Termsak from the ISEAS – Yusof Ishak Institute said certain loan conditions between Thailand and China were not agreed upon. However, currently “China is also no longer in a position to fund all [belt and road] projects like in the beginning”.

“Concerns on Chinese funding are also valid as it may come with many other conditions not so favourable to Thailand. It is a delicate situation that needs to be handled in a careful and transparent manner in order to make sure that public money is spent wisely,” Thammasat Business School’s Pavida said.

Issues of a trade deficit between Thailand and China could be another factor influencing the funding of the high speed railway. James Guild, adjunct fellow at the Singapore-based S. Rajaratnam School of International Studies, said it might be wiser for Thailand “to slow things down and wait to see how the China-Laos railway pans out over the next couple years”.

“Thailand actually runs a pretty significant bilateral trade deficit with China, so I’m sure they don’t want to spend US$10 billion on a high-speed railway when public finances are tight only to see that result in even more imports from China a couple years from now.”

Stronger ties

Despite the rail project being behind schedule, Termsak believes that Thailand’s relations with China are actually growing stronger.

“China might soon give the Royal Thai Navy a free second-hand Song-class diesel submarine,” Termsak said, which could “improve the prospects of the Royal Thai Navy to successfully request new funds to buy the second submarine from China and get the third one free”.

The Thai Navy has faced fierce public opposition towards its planned purchase of China-made submarines in the wake of the pandemic. Last month, defence news website Shephard reported that China was offering two second-hand submarines to the Royal Thai Navy for training, since the S26-T submarine it has on order is unlikely to be completed on time.

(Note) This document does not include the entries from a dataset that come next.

Lemma Bsum_le_of_nonpos r s : (r <= s)%nat ->
  (forall k, (r < k <= s)%nat -> beta_ k <= 0) -> B s <= B r.
Proof.
  intros Hrs Hb; induction s as [|s IH]; [replace r with 0%nat by lia; lra |].
  destruct (Nat.eq_dec r (S s)) as [-> | Hne]; [lra |].
  rewrite Bsum_S; assert (B s <= B r) by (apply IH; [lia | intros; apply Hb; lia]).
  assert (beta_ (S s) <= 0) by (apply Hb; lia); lra.
Qed.

Section LastPositive.
Hypothesis Hsign : single_crossing beta_ n.
Variable rhat : nat.
Hypothesis Hrhat : (1 <= rhat <= n)%nat.
Hypothesis Hpos : 0 < beta_ rhat.

Lemma Bsum_lt_last_pos r : (r < rhat)%nat -> B r < B rhat.
Proof.
  intros Hr; destruct rhat as [|s]; [lia |].
  rewrite Bsum_S.
  assert (B r <= B s).
  { apply Bsum_le_of_nonneg; [lia |].
    intros k Hk; apply (Hsign k (S s)); auto; lia. }
  lra.
Qed.

Lemma Bsum_last_pos_pos : 0 < B rhat.
Proof. apply (Bsum_lt_last_pos 0); lia. Qed.

Lemma Bsum_nonneg_upto_last_pos r : (r <= rhat)%nat -> 0 <= B r.
Proof.
  intros Hr; destruct (Nat.eq_dec r rhat) as [-> | Hne]; [left; apply Bsum_last_pos_pos |].
  apply (Bsum_le_of_nonneg 0 r); [lia |].
  intros k Hk; apply (Hsign k rhat); auto; lia.
Qed.

End LastPositive.

Hypothesis Hn : (2 <= n)%nat.

Let INR_n_pos : 0 < INR n.
Proof. apply lt_0_INR; lia. Qed.

Lemma A_eq r th : (1 <= r)%nat ->
  A_ r th = (1 - th) * (B r / INR r) + th * (2 * B r / INR n).
Proof. intros Hr; assert (0 < INR r) by (apply lt_0_INR; lia); unfold A; field; lra. Qed.

Lemma A_sub r a b : (1 <= r)%nat ->
  A_ r b - A_ r a = (b - a) * (B r / INR r) * (2 * INR r / INR n - 1).
Proof. intros Hr; assert (0 < INR r) by (apply lt_0_INR; lia); unfold A; field; lra. Qed.

Lemma A_increasing r a b : (1 <= r)%nat -> 0 < B r -> (n < 2 * r)%nat -> a < b ->
  A_ r a < A_ r b.
Proof.
  intros Hr HB H2r Hab; assert (H := A_sub r a b Hr).
  assert (0 < INR r) by (apply lt_0_INR; lia).
  assert (INR n < 2 * INR r).
  { replace (2 * INR r) with (INR (2 * r)) by (rewrite mult_INR; simpl; ring).
    apply lt_INR; lia. }
  assert (1 < 2 * INR r / INR n)
    by (apply (Rmult_lt_reg_r (INR n)); [easy | unfold Rdiv; rewrite Rmult_assoc, Rinv_l; lra]).
  assert (0 < B r / INR r) by (apply Rdiv_lt_0_compat; lra).
  assert (0 < (b - a) * (B r / INR r)) by (apply Rmult_lt_0_compat; lra).
  nra.
Qed.

Lemma A_nonincreasing r a b : (1 <= r)%nat -> 0 <= B r -> (2 * r <= n)%nat -> a <= b ->
  A_ r b <= A_ r a.
Proof.
  intros Hr HB H2r Hab; assert (H := A_sub r a b Hr).
  assert (0 < INR r) by (apply lt_0_INR; lia).
  assert (2 * INR r <= INR n).
  { replace (2 * INR r) with (INR (2 * r)) by (rewrite mult_INR; simpl; ring).
    apply le_INR; lia. }
  assert (2 * INR r / INR n <= 1)
    by (apply (Rmult_le_reg_r (INR n)); [easy | unfold Rdiv; rewrite Rmult_assoc, Rinv_l; lra]).
  assert (0 <= B r / INR r) by (apply Rdiv_le_0_compat; lra).
  assert (0 <= (b - a) * (B r / INR r)) by (apply Rmult_le_pos; lra).
  nra.
Qed.

Lemma A_le_of_ratio_le r r' th : (1 <= r <= r')%nat -> 0 <= th <= 1 ->
  B r / INR r <= B r' / INR r' -> 0 < B r' -> A_ r th <= A_ r' th.
Proof.
  intros Hr Hth Hratio HB.
  assert (0 < INR r) by (apply lt_0_INR; lia); assert (INR r <= INR r') by (apply le_INR; lia).
  assert (HBB : B r <= B r').
  { destruct (Rle_or_lt (B r) 0); [lra |].
    replace (B r) with (INR r * (B r / INR r)) by (field; lra).
    replace (B r') with (INR r' * (B r' / INR r')) by (field; lra).
    assert (0 <= B r / INR r) by (apply Rdiv_le_0_compat; lra).
    apply Rle_trans with (INR r * (B r' / INR r')); apply Rmult_le_compat; lra. }
  rewrite !A_eq by lia.
  assert (2 * B r / INR n <= 2 * B r' / INR n)
    by (apply Rmult_le_compat_r; [left; apply Rinv_0_lt_compat |]; lra).
  apply Rplus_le_compat; apply Rmult_le_compat_l; lra.
Qed.

Lemma A_le_of_Bsum_le r r' th : (1 <= r' <= r)%nat -> 0 <= th <= 1 ->
  B r <= B r' -> 0 < B r' -> A_ r th <= A_ r' th.
Proof.
  intros Hr Hth HBB HB.
  assert (0 < INR r') by (apply lt_0_INR; lia); assert (INR r' <= INR r) by (apply le_INR; lia).
  assert (Hinv : / INR r <= / INR r') by (apply Rinv_le_contravar; lra).
  assert (0 < / INR r) by (apply Rinv_0_lt_compat; lra).
  assert (Hratio : B r / INR r <= B r' / INR r').
  { unfold Rdiv; destruct (Rle_or_lt (B r) 0); [nra |].
    apply Rmult_le_compat; lra. }
  rewrite !A_eq by lia.
  assert (2 * B r / INR n <= 2 * B r' / INR n)
    by (apply Rmult_le_compat_r; [left; apply Rinv_0_lt_compat |]; lra).
  apply Rplus_le_compat; apply Rmult_le_compat_l; lra.
Qed.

A model showing a cross-section of an S-26T submarine, such as Thailand has ordered from China. Photo: Handout
A model showing a cross-section of an S-26T submarine, such as Thailand has ordered from China. Photo: Handout

The Thai Navy bought the first from China Shipbuilding & Offshore International Co Ltd for US$375 million in May 2017. The ship is currently being built at Wuchang Shipbuilding Industry Group in Wuhan with reports that China will request delivery be postponed until April 2024, according to Shephard.

In 2020, Bangkok had a 22.5 billion-baht option for two extra submarines for delivery in 2026, a proposal that was put on hold after the pandemic hit, battering Thailand’s economy.

Guild, from S. Rajaratnam School of International Studies, said opposition towards the submarine purchase reflected the “fraught political and fiscal environment” in Thailand that “places constraints on how much additional money [Bangkok] can borrow in order to build a multibillion-dollar high speed rail network right now. I’m not surprised that they might try and slow-walk this [rail] project for the time being.”